Stack dumping seems like it should be an easy thing.  After all, you're just walking a linked list.  What the truth is that stack dumping in Oracle Solaris Crash Analysis Tool is one its most complicated parts.

Sure, generating a list of function/frame pointers is pretty easy, but it turns out there are vast amounts of useful data and clues in that stack that it's useful to dig up and display (cue the digging pirate).

The first thing to consider is that when Oracle Solaris takes a trap (any kind of fault, exception or interrupt, which includes system calls), it has to save all of the registers to the stack.  This happens on system calls, interrupts, and of course, traps caused by approaching system crashes.  The reason this is done is to remember the state of the current thread before totally switching contexts to a different stack, and the operating system, therefore, needs to preserve all of the registers should it ever return so it can restore state and continue.

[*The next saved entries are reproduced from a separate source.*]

(* Let $r \geq 5$ be odd and consider type $D_r$ realized in $\mathbb{R}^r$ with orthonormal basis $e_1,\dots,e_r$, simple roots $\alpha_i = e_i - e_{i+1}$ ($1\le i\le r-1$), $\alpha_r = e_{r-1}+e_r$. Let $C$ be the linear map with $C(e_1) = -e_r$, $C(e_i) = -e_i$ for $2 \le i \le r-1$, and $C(e_r) = e_1$. Then $C$ and $C^{-1}$ are rational elements of $W(D_r)$ and each has valency $1$ in the rationality graph $\Gamma(D_r)$: the only neighbor of $C$ is $s_{r-1}C$, and the only neighbor of $C^{-1}$ is $s_r C^{-1}$.
   Context: $W(D_r)$ is the Weyl group, generated by simple reflections $s_i$ ($s_i$ swaps $e_i, e_{i+1}$ for $i<r$; $s_r$ maps $e_{r-1}\mapsto -e_r$, $e_r \mapsto -e_{r-1}$). Positive roots $\Pi_+ = \{e_i \pm e_j : i<j\}$. $\alpha\le\beta$ iff $\beta-\alpha$ is a nonnegative integer combination of simple roots. For $A\subseteq\Pi_+$, $\mathrm{Adj}(A) = \{\alpha\in\Pi_+ : \exists\beta\in A,\ \alpha\le\beta\}$. For $u\in W$: $\nu^0(u) = u(\Pi_+)\cap\Pi_+$, $\nu^k(u) = u(\mathrm{Adj}\,\nu^{k-1}(u))\cap\Pi_+$; the sequence is descending and eventually constant with value $\nu(u)$; $u$ is rational iff $\nu(u)=\emptyset$. The rationality graph $\Gamma(D_r)$ has the rational elements as vertices, $u,v$ adjacent iff $u = s_i v$ for some $i$. *)

(* Type D_r realized on column vectors 'cV[int]_r;
   Weyl group elements are r x r integer matrices acting by left
   multiplication. Indices of e_1..e_r and s_1..s_r / alpha_1..alpha_r are
   1-based naturals in the paper; e_k is the ordinal k-1 here. *)
From HB Require Import structures.
From mathcomp Require Import all_boot all_order all_algebra.
Set Implicit Arguments. Unset Strict Implicit. Unset Printing Implicit Defensive.
Import GRing.Theory Num.Theory.
Local Open Scope ring_scope.

Definition b2z (b : bool) : int := if b then 1 else 0.

Definition e (r : nat) (k : 'I_r) : 'cV[int]_r := \col_a b2z (a == k).

(* Simple roots alpha_i, 1-based i in 1..r:
   alpha_i = e_i - e_(i+1) for i < r, alpha_r = e_(r-1) + e_r. *)
Definition alpha (r : nat) (i : nat) : 'cV[int]_r :=
  \col_a (if (i < r)%N
          then b2z (val a == i.-1) - b2z (val a == i)
          else b2z (val a == r.-2) + b2z (val a == r.-1)).

(* Simple reflections s_i (1-based i in 1..r), as matrices whose column b is
   the image of e_(b+1). For i<r: swaps e_i, e_(i+1); s_r: e_(r-1) |-> -e_r,
   e_r |-> -e_(r-1), other basis vectors fixed. *)
Definition srefl (r : nat) (i : nat) : 'M[int]_r :=
  \matrix_(a, b)
    (if (i < r)%N then
       (if val b == i.-1 then b2z (val a == i)
        else if val b == i then b2z (val a == i.-1)
        else b2z (a == b))
     else
       (if val b == r.-2 then - b2z (val a == r.-1)
        else if val b == r.-1 then - b2z (val a == r.-2)
        else b2z (a == b))).

(* W(D_r): the group generated by s_1, ..., s_r (finite, generators are
   involutions, so the generated monoid is the generated group). *)
Inductive in_W (r : nat) : 'M[int]_r -> Prop :=
| W_one : in_W 1%:M
| W_step : forall (i : nat) (w : 'M[int]_r),
    (1 <= i <= r)%N -> in_W w -> in_W (srefl r i *m w).

Definition posroot (r : nat) (v : 'cV[int]_r) : Prop :=
  exists i j : 'I_r, (i < j)%N /\ (v = e i + e j \/ v = e i - e j).

Definition rle (r : nat) (a b : 'cV[int]_r) : Prop :=
  exists c : nat -> nat, b - a = \sum_(i < r) (alpha r i.+1) *+ c i.

Definition Adj (r : nat) (A : 'cV[int]_r -> Prop) : 'cV[int]_r -> Prop :=
  fun a => posroot a /\ exists b, A b /\ rle a b.

Fixpoint nu (r : nat) (u : 'M[int]_r) (k : nat) : 'cV[int]_r -> Prop :=
  match k with
  | 0 => fun v => posroot v /\ exists w, posroot w /\ u *m w = v
  | k'.+1 => fun v => posroot v /\ exists w, Adj (nu u k') w /\ u *m w = v
  end.

(* u is rational iff the (descending, eventually constant) sequence nu^k(u)
   reaches the empty set. *)
Definition rational (r : nat) (u : 'M[int]_r) : Prop :=
  exists k, forall v, ~ nu u k v.

Definition vertex (r : nat) (u : 'M[int]_r) : Prop := in_W u /\ rational u.

Definition adjacent (r : nat) (u v : 'M[int]_r) : Prop :=
  exists i, (1 <= i <= r)%N /\ u = srefl r i *m v.

Definition Cmx (r : nat) : 'M[int]_r :=
  \matrix_(a, b)
    (if val b == 0%N then - b2z (val a == r.-1)
     else if val b == r.-1 then b2z (val a == 0%N)
     else - b2z (a == b)).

That's the reason you will often see register dumps in the stack.  Getting the register values at a precise point in time is valuable information - particularly when it contains state data about something going wrong and we're preparing to crash the operating system.  

You can see this trap information by enabling the stk_trap scatenv setting, which is on by default.  You can also see the user thread registers for userland threads in a core by displaying the full stack data with stack -l.

Other things which arise are architecture-specific, and related to how the compiler tries to optimize things for a particular architecture.  On SPARC, for example, a useful optimization is re-using stack space for functions we'll never return to.

For example, functions which look like:

  funcA() {
    return (funcB());
  callerFunc() {

have no reason to return to funcA ever again.  What the compiler does in such situations is to pop the stack space it reserved for funcA for funcB's use.  We coined the term "recycled frame" for this.

The way this would normally appear in the stack is this:


which means the person looking at this stack has no information about funcA ever having been called.  If they then went to look at callerFunc, they'd see it never calls funcB.  But, if you look at callerFunc+offset, you can see a call to funcA, which isn't the next thing in the stack.  Hence you can see why the tool was enhanced to show:

  funcA() - frame recycled

for these cases.  Display of the stack with recycled frames is controlled by the stk_recycled scatenv setting, which is on by default.

Note that if there are two such optimizations in the calling sequence, there's no useful way to dig up anything but the first step.  The codepath command was written to search for call linkages between such functions.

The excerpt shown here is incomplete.